TAK AKAN SUKSES KARENA NYA

2 0 0
                                    


   Sang surya kini berganti tugas dengan sang rembulan, langit jingga pun kini berganti gelap menandakan malam tiba.

Di sebuah rumah megah nan indah, seorang anak laki-laki yang tampan nan jenius hadir di tengah-tengah rumah itu. Namun sayangnya kejeniusan itu tak pernah di anggap oleh sang ayah. Bahkan, seberapa keras pun dia menunjukkan prestasinya semuanya tak ada harganya di depan sang ayah.

Rumah ini memang terlihat begitu indah dari luar, namun kisah di dalam nya tak seindah itu.

Tepat jam 7 malam, Dikara langsung bersiap untuk pergi ke suatu tempat. Tempat yang setiap malam selalu ia datangi, tempat yang akan membuat dia tenang.

Setelah penampilan nya rapih, Dikara langsung keluar dari kamar tak lupa membawa kunci motor kesayangannya. Dikara menuruni anak tangga menuju lantai satu, dia sempat melihat sekeliling rumah yang begitu terasa sepi, dia juga tak menemukan keberadaan sang ibu di lantai dua.

Saat dia menuruni anak tangga, Dikara melihat sang ibu yang berada di bawah sambil menatap ke arah nya.

" Mau kemana, nak?" Tanya Aria saat Dikara sudah di bawah.

" Biasa ma, Dikara mau ke cafe." Jawab nya sambil tersenyum, senyuman yang jarang sekali di lihat oleh orang.

" Tumben jam segini baru ke cafe?"

Hari ini Dikara memang terlambat datang ke cafe, karena tadi sepulang kuliah Dikara mengerjakan tugas sampai ketiduran.

Aria memang tahu apa yang sang putra lakukan ketika malam hari, awalnya Dikara tidak mau memberi tahu. Namun setelah di paksa akhirnya Dikara menceritakan jika di bekerja di salah satu cafe sebagai pemain musik.

Awalnya Aria tidak setuju, tapi setelah mendengar penjelasan Dikara dia pun menyetujui nya. Karena hanya di tempat itu lah sang putra bisa bermain piano tanpa ada yang melarang.

Saat mendengar alasan sang putra, Aria menjadi sedih. Ternyata senyum yang selama ini dia dapat dari Dikara adalah untuk menutupi luka hatinya.

Luka hati yang sepertinya sulit untuk di sembuhkan. Dia hanya berharap semoga suatu saat luka itu bisa sembuh dengan sempurna.

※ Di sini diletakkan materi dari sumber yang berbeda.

Lemma count_lx_ly (v : word) : (count (pred1 lx) v + count (pred1 ly) v)%N = size v.
Proof. by rewrite -(count_predC (pred1 lx)); congr (_ + _); apply: eq_count => -[]. Qed.

Lemma count_lx_eq0 (v : word) : count (pred1 lx) v = 0 -> v = nseq (size v) ly.
Proof. by elim: v => [|[] v IHv] //= /IHv <-. Qed.

Lemma split_first_lx (v : word) : (0 < count (pred1 lx) v)%N ->
  exists p r, v = nseq p ly ++ lx :: r.
Proof.
elim: v => [|[] v IHv] //=; last by exists 0, v.
by move=> /IHv[p [r ->]]; exists p.+1, r.
Qed.

Lemma palindrome_decomposition (v : word) : (count (pred1 lx) v <= 2)%N ->
  exists p c s, rev c = c /\ v = nseq p ly ++ c ++ nseq s ly.
Proof.
have [v0 _|/split_first_lx[p [r ->]]] := posnP (count (pred1 lx) v).
  by exists (size v), [::], 0; rewrite cats0 -count_lx_eq0.
rewrite count_cat count_nseq mul0n add0n /= add1n ltnS.
have [r0 _|/split_first_lx[q [s ->]]] := posnP (count (pred1 lx) r).
  by exists p, [:: lx], (size r); rewrite -count_lx_eq0.
rewrite count_cat count_nseq mul0n add0n /= add1n ltnS leqn0 => /eqP s0.
exists p, (lx :: rcons (nseq q ly) lx), (size s).
by rewrite rev_cons rev_rcons rev_nseq /= cat_rcons -count_lx_eq0.
Qed.

Lemma rev_conjugate (v : word) : (count (pred1 lx) v <= 2)%N ->
  exists a b, rot a (rev v) = rot b v.
Proof.
move=> /palindrome_decomposition[p [c [s [rev_c ->]]]].
by exists s, p; apply: rot_rev_palindrome.
Qed.

Section Divergence.
Variable R : realType.
Implicit Types (G : A R) (v : word).

Lemma divA_u_GammaE G v :
  divA (u_Gamma G) v = cycsum G (ly :: rcons v lx) - cycsum G (lx :: rcons v ly).
Proof. by rewrite /divA /u_Gamma /addA /= !dLE /oppA !dcycE. Qed.

Lemma divA_u_Gamma_nil G : divA (u_Gamma G) [::] = 0.
Proof. by rewrite divA_u_GammaE -[[:: ly; lx]]/(rot 1 [:: lx; ly]) cycsum_rot subrr. Qed.

Lemma divA_u_Gamma_support G i j v : homogeneous G i j -> divA (u_Gamma G) v != 0 ->
  (count (pred1 lx) v).+1 = i /\ (count (pred1 ly) v).+1 = j.
Proof.
move=> hom; rewrite divA_u_GammaE.
have count_frame e c d :
    count (pred1 e) (c :: rcons v d) = ((c == e) + count (pred1 e) v + (d == e))%N.
  by rewrite /= -cats1 count_cat /= addn0 addnA.
have [-> | /(cycsum_homogeneous hom)] := eqVneq (cycsum G (ly :: rcons v lx)) 0.
  rewrite sub0r oppr_eq0 => /(cycsum_homogeneous hom).
  by rewrite !count_frame /= add0n addn0 addn1 add1n.
by rewrite !count_frame /= add0n addn0 addn1 add1n.
Qed.

Lemma antipode_divA_u_Gamma G : inFL G ->
  forall v, antipode (divA (u_Gamma G)) v = - divA (u_Gamma G) v.
Proof.
move=> FL_G v; rewrite /antipode !divA_u_GammaE.
have rev_frame c d : c :: rcons (rev v) d = rev (d :: rcons v c).
  by rewrite rev_cons rev_rcons.
rewrite !rev_frame !(cycsum_rev_inFL _ FL_G) /= !size_rcons !exprS !mulN1r !opprK.
by rewrite -mulrBr signrMK opprB.
Qed.

End Divergence.

Theorem mainTheorem16 (R : realType) (G : A R) (i j : nat) :
  inFL G -> homogeneous G i j -> ~~ odd (i + j) -> (i <= 3)%N ->
  comm_span (divA (u_Gamma G)).
Proof.
move=> FL_G hom even_ij i_le3; have supp := divA_u_Gamma_support hom.
apply: comm_span_of_cycsum (divA_u_Gamma_nil G) _ => [|v].
  exists (i + j) => w; apply: contraTeq => /supp[<- <-].
  rewrite -(count_lx_ly w); lia.
have [//|/cycsum_neq0[k /supp]] := eqVneq (cycsum (divA (u_Gamma G)) v) 0.
rewrite !count_rot => -[cnt_x cnt_y].
have even_v : ~~ odd (size v).
  by move: even_ij; rewrite -(count_lx_ly v) -cnt_x -cnt_y addSn addnS /= negbK.
have [a [b conj_v]] : exists a b, rot a (rev v) = rot b v by apply: rev_conjugate; lia.
exact: cycsum_skew_eq0 (antipode_divA_u_Gamma FL_G) even_v conj_v.
Qed.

Aria jadi kembali mengingat masa kecil Dikara, masa kecil yang seharusnya mendapatkan kasih sayang yang banyak justru kebalikan nya yang Dikara dapat. Jika bukan karena dirinya Dikara mungkin sudah meninggal rumah yang sudah menorehkan banyak luka padanya.

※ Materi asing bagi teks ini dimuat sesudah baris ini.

Lemma haar_continuous_sqr_eq0 (h : G -> R) : continuous h ->
  \int[mu]_x (h x * h x) = 0 -> forall x, h x = 0.
Proof.
(* Otherwise [h^2 > c > 0] on a nonempty open set, which has positive measure. *)
move=> ch int0 x0; apply/eqP/contraT => hx0.
have ch2 : continuous (fun y => h y * h y) by move=> y; exact: continuousM (ch y) (ch y).
have hx0_sq : 0 < h x0 * h x0 by rewrite -expr2 lt_def sqrf_eq0 hx0 sqr_ge0.
pose c := h x0 * h x0 / 2.
have c_gt0 : 0 < c by rewrite divr_gt0.
pose U := (fun y => h y * h y) @^-1` `]c, +oo[%classic.
have oU : open U by move/continuousP: ch2; apply; apply: interval_open.
have Ux0 : U x0 by rewrite /U /= in_itv /= andbT /c ltr_pdivrMr // ltr_pMr // ltr1n.
have muU_gt0 : (0 < mu U)%E := haar_open_gt0 oU (ex_intro _ x0 Ux0).
have h2_int := continuous_integrable G_compact mu ch2.
have int0E : (\int[mu]_x (h x * h x)%:E = 0)%E.
  by rewrite -[LHS]fineK ?(integrable_fin_num _ h2_int) // -/(Rintegral _ _ _) int0.
have : (c%:E * mu U <= 0)%E.
  rewrite -int0E -integral_cst; last exact: measurable_open.
  apply: (@le_trans _ _ (\int[mu]_(x in (U : set T)) (h x * h x)%:E)%E).
    apply: ge0_le_integral => //; first exact: measurable_open.
    - by move=> x _; rewrite lee_fin ltW.
    - exact: measurable_funS (measurable_int mu h2_int).
    - by move=> x; rewrite /U /= in_itv /= andbT lee_fin; apply: ltW.
  apply: ge0_subset_integral => //.
  - exact: measurable_open.
  - exact (measurable_int mu h2_int).
  - by move=> x _; rewrite lee_fin -expr2 sqr_ge0.
by rewrite leNgt mule_gt0 ?lte_fin.
Qed.

Lemma haar_integral_lmul (F : G -> R) (z : G) : continuous F ->
  \int[mu]_t F (z * t)%g = \int[mu]_t F t.
Proof.
move=> cF; pose lz := fun t : T => (z * t)%g : T.
have cFz : continuous (F \o lz).
  by move=> t; apply: continuous_comp; [exact: continuous_lmul | exact: cF].
have mF := measurable_int mu (continuous_integrable G_compact mu cF).
have iFz : mu.-integrable (lz @^-1` setT) ((EFin \o F) \o lz).
  by rewrite preimage_setT; exact (continuous_integrable G_compact mu cFz).
rewrite /Rintegral; congr fine.
transitivity (\int[pushforward mu lz]_x (EFin \o F) x)%E.
  by rewrite (integral_pushforward (measurable_lmul z) mF iFz measurableT) preimage_setT.
apply: eq_measure_integral; first exact: measurable_lmul.
move=> mlz A mA _ /=; rewrite /pushforward (lmul_preimage z A : lz @^-1` A = _).
by rewrite mu_linv.
Qed.

End HaarMeasure.

Lemma linear_sum_delta {R : realType} {n} (L : 'cV[R]_n -> R) :
  (forall a u w, L (a *: u + w) = a * L u + L w) ->
  forall x, L x = \sum_(i < n) x i 0 * L (delta_mx i 0).
Proof.
move=> L_lin x; have L0 : L 0 = 0.
  by move: (L_lin 1 0 0); rewrite scale1r addr0 mul1r; lra.
have L_sum (r : seq 'I_n) (c : 'I_n -> R) (u : 'I_n -> 'cV[R]_n) :
    L (\sum_(i <- r) c i *: u i) = \sum_(i <- r) c i * L (u i).
  by elim: r => [|i r IH]; rewrite ?big_nil // !big_cons L_lin IH.
rewrite {1}(matrix_sum_delta x); under eq_bigr do rewrite big_ord1.
exact: L_sum.
Qed.

(* The nondecreasing tuple [i_1 <= ... <= i_k] stands for the monomial
   [x_(i_1) * ... * x_(i_k)]. *)
Definition sorted_tuples n k :=
  [set t : k.-tuple 'I_n | sorted leq [seq val i | i <- t]]%SET.

Definition monomial {R : realType} {n k} (t : k.-tuple 'I_n) (x : 'cV[R]_n) :=
  \prod_(i <- t) x i 0.

Section SortTuple.
Context {n k : nat}.

Lemma size_sort_codom (f : {ffun 'I_k -> 'I_n}) :
  size (sort (relpre val leq) (codom f)) == k.
Proof. by rewrite size_sort size_codom card_ord. Qed.

Definition sort_tuple (f : {ffun 'I_k -> 'I_n}) := Tuple (size_sort_codom f).

Lemma sort_tuple_sorted f : sort_tuple f \in sorted_tuples n k.
Proof. by rewrite inE sorted_map; apply: sort_sorted => a b; exact: leq_total. Qed.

" Ma.." Dikara melambaikan tangannya di depan wahh sang ibu.

" iya nak, ada apa?" Aria tersadar saat Dikara memanggil nama nya.

" Tuh kan, mama melamun ya?" Tanya Dikara.
Padahal tadi Dikara mengatakan alasannya pergi terlambat ke cafe.

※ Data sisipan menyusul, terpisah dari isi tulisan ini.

(* Let $\phi$ be a uniformly convex N-function with indices $p^-$ and $p^+$, let $\Omega\subset\mathbb{R}^n$ be open, and let $0<\delta^-\le1\le\delta^+<\infty$, $\delta=(\delta^-,\delta^+)$. Then $$L^{p^-}(\Omega)\cap L^{p^+}(\Omega)\cap L^2(\Omega)\hookrightarrow L^{\phi_\delta}(\Omega)\hookrightarrow L^{p^-}(\Omega)+L^{p^+}(\Omega)+L^2(\Omega),$$ with embedding constants bounded uniformly with respect to $\delta$.
   Context: An N-function is a function $\phi:[0,\infty)\to[0,\infty)$ with right-continuous non-decreasing derivative $\phi'$, $\phi'(0)=0$, $\phi'(t)>0$ for $t>0$, $\phi'(t)\to\infty$, $\phi(t)=\int_0^t\phi'$. It is uniformly convex if $\phi\in C^1([0,\infty))\cap C^2((0,\infty))$ and $p^-:=\inf_{t>0}\frac{\phi''(t)t}{\phi'(t)}+1>1$, $p^+:=\sup_{t>0}\frac{\phi''(t)t}{\phi'(t)}+1<\infty$. The truncated N-function $\phi_\delta$ is defined by $\phi_\delta'(t):=\frac{\phi'(\max(\delta^-,\min(t,\delta^+)))}{\max(\delta^-,\min(t,\delta^+))}\,t$, $\phi_\delta(t)=\int_0^t\phi_\delta'$. $L^{\phi_\delta}(\Omega)$ is the Orlicz space with Luxemburg norm $\|v\|=\inf\{\lambda>0:\int_\Omega\phi_\delta(|v|/\lambda)\le1\}$. Intersections of Lebesgue spaces carry the maximum of the norms, sums carry the infimum over decompositions of the sum of the norms. *)

From HB Require Import structures.
From mathcomp Require Import all_boot all_order all_algebra.
From mathcomp Require Import all_classical all_reals all_analysis.
Set Implicit Arguments. Unset Strict Implicit. Unset Printing Implicit Defensive.
Import Order.TTheory GRing.Theory Num.Def Num.Theory.
Import numFieldNormedType.Exports.
Local Open Scope classical_set_scope.
Local Open Scope ring_scope.

Section Defs.
Context {R : realType}.

(* Only values on [0,oo) matter. *)
Definition Nfunction (phi dphi : R -> R) : Prop :=
  [/\ (forall t, 0 <= t -> dphi x @[x --> t^'+] --> dphi t),
      (forall s t, 0 <= s -> s <= t -> dphi s <= dphi t),
      dphi 0 = 0,
      (forall t, 0 < t -> 0 < dphi t) /\
        (dphi x @[x --> +oo] --> +oo) &
      (forall t, 0 <= t ->
         (phi t)%:E = (\int[lebesgue_measure]_(s in `[0%R, t]) (dphi s)%:E)%E)].

Definition index_ratio (dphi : R -> R) (t : R) : R :=
  (derive1 dphi t) * t / dphi t.

Definition p_minus (dphi : R -> R) : R :=
  inf [set index_ratio dphi t | t in `]0, +oo[] + 1.
Definition p_plus (dphi : R -> R) : R :=
  sup [set index_ratio dphi t | t in `]0, +oo[] + 1.

(* Uniform convexity of the N-function phi = int_0^. dphi:
   phi in C^1([0,oo)) (i.e. dphi continuous on [0,oo)),
   phi in C^2((0,oo)) (i.e. dphi continuously differentiable on (0,oo)),
   p^- > 1 and p^+ < oo (the ratio set is bounded above). *)
Definition uniformly_convex (dphi : R -> R) : Prop :=
  [/\ {within `[0, +oo[, continuous dphi},
      (forall t, 0 < t -> derivable dphi t 1),
      {in `]0, +oo[, continuous (derive1 dphi)},
      1 < p_minus dphi &
      has_ubound [set index_ratio dphi t | t in `]0, +oo[] ].

Definition clampd (dm dp t : R) : R := Num.max dm (Num.min t dp).

Definition dphi_delta (dphi : R -> R) (dm dp : R) (t : R) : R :=
  dphi (clampd dm dp t) / clampd dm dp t * t.

Definition phi_delta (dphi : R -> R) (dm dp : R) (t : R) : \bar R :=
  (\int[lebesgue_measure]_(s in `[0%R, t]) (dphi_delta dphi dm dp s)%:E)%E.

Definition luxemburg {d} {T : measurableType d} (mu : {measure set T -> \bar R})
    (Omega : set T) (Phi : R -> \bar R) (v : T -> R) : \bar R :=
  ereal_inf [set lam%:E | lam in
    [set lam : R | 0 < lam /\
       (\int[mu]_(x in Omega) Phi (`|v x| / lam)%R <= 1)%E]].

Definition LpO {d} {T : measurableType d} (mu : {measure set T -> \bar R})
    (Omega : set T) (mO : measurable Omega) (p : R) (v : T -> R) : \bar R :=
  Lnorm (mrestr mu mO) p%:E (EFin \o v).

Definition cap3_norm {d} {T : measurableType d} (mu : {measure set T -> \bar R})
    (Omega : set T) (mO : measurable Omega) (p1 p2 p3 : R) (v : T -> R) : \bar R :=
  Order.max (LpO mu mO p1 v) (Order.max (LpO mu mO p2 v) (LpO mu mO p3 v)).

Definition sum3_norm {d} {T : measurableType d} (mu : {measure set T -> \bar R})
    (Omega : set T) (mO : measurable Omega) (p1 p2 p3 : R) (v : T -> R) : \bar R :=
  ereal_inf [set e : \bar R | exists v1 v2 v3 : T -> R,
    [/\ measurable_fun Omega v1, measurable_fun Omega v2,
        measurable_fun Omega v3,
        (forall x, Omega x -> v x = v1 x + v2 x + v3 x) &
        e = (LpO mu mO p1 v1 + LpO mu mO p2 v2 + LpO mu mO p3 v3)%E]].
End Defs.

(* For a = p^- - 1 (resp. a = p^+ - 1) the function phi'(t) t^(-a) is nondecreasing
   (resp. nonincreasing), its logarithmic derivative being (index_ratio - a)/t; comparing with
   t = 1 gives phi'(1) min(t^(p^- - 1), t^(p^+ - 1)) <= phi'(t) <= phi'(1) max(...).  The
   truncation point clampd t always lies between t and 1, so phi_delta' obeys the same bounds
   with t as a third power, whatever delta is; integrating, phi_delta(s) <~ s^p- + s^p+ + s^2
   and phi_delta(2s) >~ min(s^p-, s^p+, s^2), with constants depending on phi'(1) only.  The
   upper bound controls the Luxemburg norm by the largest of the three Lebesgue norms.  For the
   lower bound, Omega is split according to which power of |v|/(2 lam) is smallest, and each
   piece of v lies in the corresponding Lebesgue space with norm <~ lam. *)

From HB Require Import structures.
From mathcomp Require Import all_boot all_order all_algebra.
From mathcomp Require Import all_classical all_reals all_analysis.
From mathcomp Require Import ring lra measurable_realfun.
Set Implicit Arguments. Unset Strict Implicit. Unset Printing Implicit Defensive.
Import Order.TTheory GRing.Theory Num.Def Num.Theory.
Import numFieldNormedType.Exports.
Local Open Scope classical_set_scope.
Local Open Scope ring_scope.

Section powR_inequalities.
Context {R : realType}.
Implicit Types a b c s x y z N C : R.

Lemma powRD1 x a : 0 < x -> x `^ (a + 1) = x `^ a * x.
Proof. by move=> x0; rewrite powRD ?powRr1 ?ltW // (gt_eqF x0) implybT. Qed.

Lemma ge0_powRD1 x a : 0 <= x -> 0 <= a -> x `^ (a + 1) = x `^ a * x.
Proof.
by move=> x0 a0; rewrite powRD ?powRr1 // gt_eqF ?implyFb // ltr_wpDl.
Qed.

Lemma powR_min_max x y z b : 0 < x -> 0 < y -> Num.min x y <= z <= Num.max x y ->
  Num.min (x `^ b) (y `^ b) <= z `^ b <= Num.max (x `^ b) (y `^ b).
Proof.
wlog xy : x y / x <= y.
  move=> H x0 y0; case/orP: (le_total x y) => [xy|yx]; first exact: H.
  rewrite minC maxC [Num.min (x `^ b) _]minC [Num.max (x `^ b) _]maxC.
  exact: H.
move=> x0 y0; rewrite (min_idPl xy) (max_idPr xy) => /andP[xz zy].
have z0 : 0 < z := lt_le_trans x0 xz.
have powE u : 0 < u -> u `^ b = expR (b * ln u) by move=> u0; rewrite /powR gt_eqF.
have lnxz : ln x <= ln z by rewrite ler_ln ?posrE.
have lnzy : ln z <= ln y by rewrite ler_ln ?posrE.
rewrite ge_min le_max !powE // !ler_expR.
have [b0|b0] := leP 0 b.
  by rewrite (ler_wpM2l b0 lnxz) (ler_wpM2l b0 lnzy) orbT.
by rewrite (ler_wnM2l (ltW b0) lnzy) (ler_wnM2l (ltW b0) lnxz) orbT.
Qed.

Lemma powR_mul_min_max s c a : 0 < s -> Num.min s 1 <= c <= Num.max s 1 ->
  Num.min (s `^ a) s <= c `^ (a - 1) * s <= Num.max (s `^ a) s.
Proof.
move=> s0 /(@powR_min_max s 1 c (a - 1) s0 ltr01); rewrite powR1.
have sE : s `^ (a - 1) * s = s `^ a by rewrite -powRD1 // subrK.
have -> : Num.min (s `^ a) s = Num.min (s `^ (a - 1)) 1 * s.
  by rewrite minr_pMl ?(ltW s0) // sE mul1r.
have -> : Num.max (s `^ a) s = Num.max (s `^ (a - 1)) 1 * s.
  by rewrite maxr_pMl ?(ltW s0) // sE mul1r.
by rewrite !ler_pM2r.
Qed.

Lemma powR_le_mul_powR_div a c b : 0 <= a -> 0 < c <= 1 -> 1 <= b ->
  a `^ b <= c * (a / c) `^ b.
Proof.
move=> a0 /andP[c0 c1] b1; have ci0 : 0 <= c^-1 by rewrite invr_ge0 ltW.
rewrite powRM // mulrCA -[X in X <= _]mulr1 ler_wpM2l ?powR_ge0 //.
apply: (@le_trans _ _ (c * c^-1)); first by rewrite mulfV ?gt_eqF.
by rewrite ler_pM2l // le1r_powR // invf_ge1.
Qed.

Lemma invr_powR_mul_le N x C b :
  0 <= N -> 1 <= C -> 1 <= b -> C * N < x -> x^-1 `^ b * N `^ b <= C^-1.
Proof.
move=> N0 C1 b1 CNx; have C0 : 0 < C := lt_le_trans ltr01 C1.
have x0 : 0 < x := le_lt_trans (mulr_ge0 (ltW C0) N0) CNx.
have NxC : x^-1 * N <= C^-1 by rewrite mulrC ler_pdivrMr // ler_pdivlMl // ltW.
rewrite -powRM ?invr_ge0 ?(ltW x0) //.
apply: le_trans (ge1r_powR _ b1); last by rewrite invr_gt0 C0 invf_le1.
have Nx0 : 0 <= x^-1 * N by rewrite mulr_ge0 // invr_ge0 ltW.
by rewrite ge0_ler_powR ?nnegrE ?(le_trans ler01 b1) ?(le_trans Nx0 NxC).
Qed.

  Dikara langsung mengenggam tangan sang ibu sambil mengelus lembut punggung tangan.

" Mama lagi banyak pikiran, ya?  Samapai melamun kayak gitu. Padahal Dika lagi ngomong tadi," Ucapnya.

Aria tersenyum menatap sang putra, tangan kanannya terulur untuk mengusap surai hitam Dikara.

" Tidak nak, jangan khawatir. Mama tidak memikirkan apapun, kok." Jawab Aria sambil tersenyum. Aria bisa melihat raut khawatir di wajah Dikara.

" Mama yakin? Mama gak lagi nyembunyiin apapun kan?" Aria langsung menggeleng.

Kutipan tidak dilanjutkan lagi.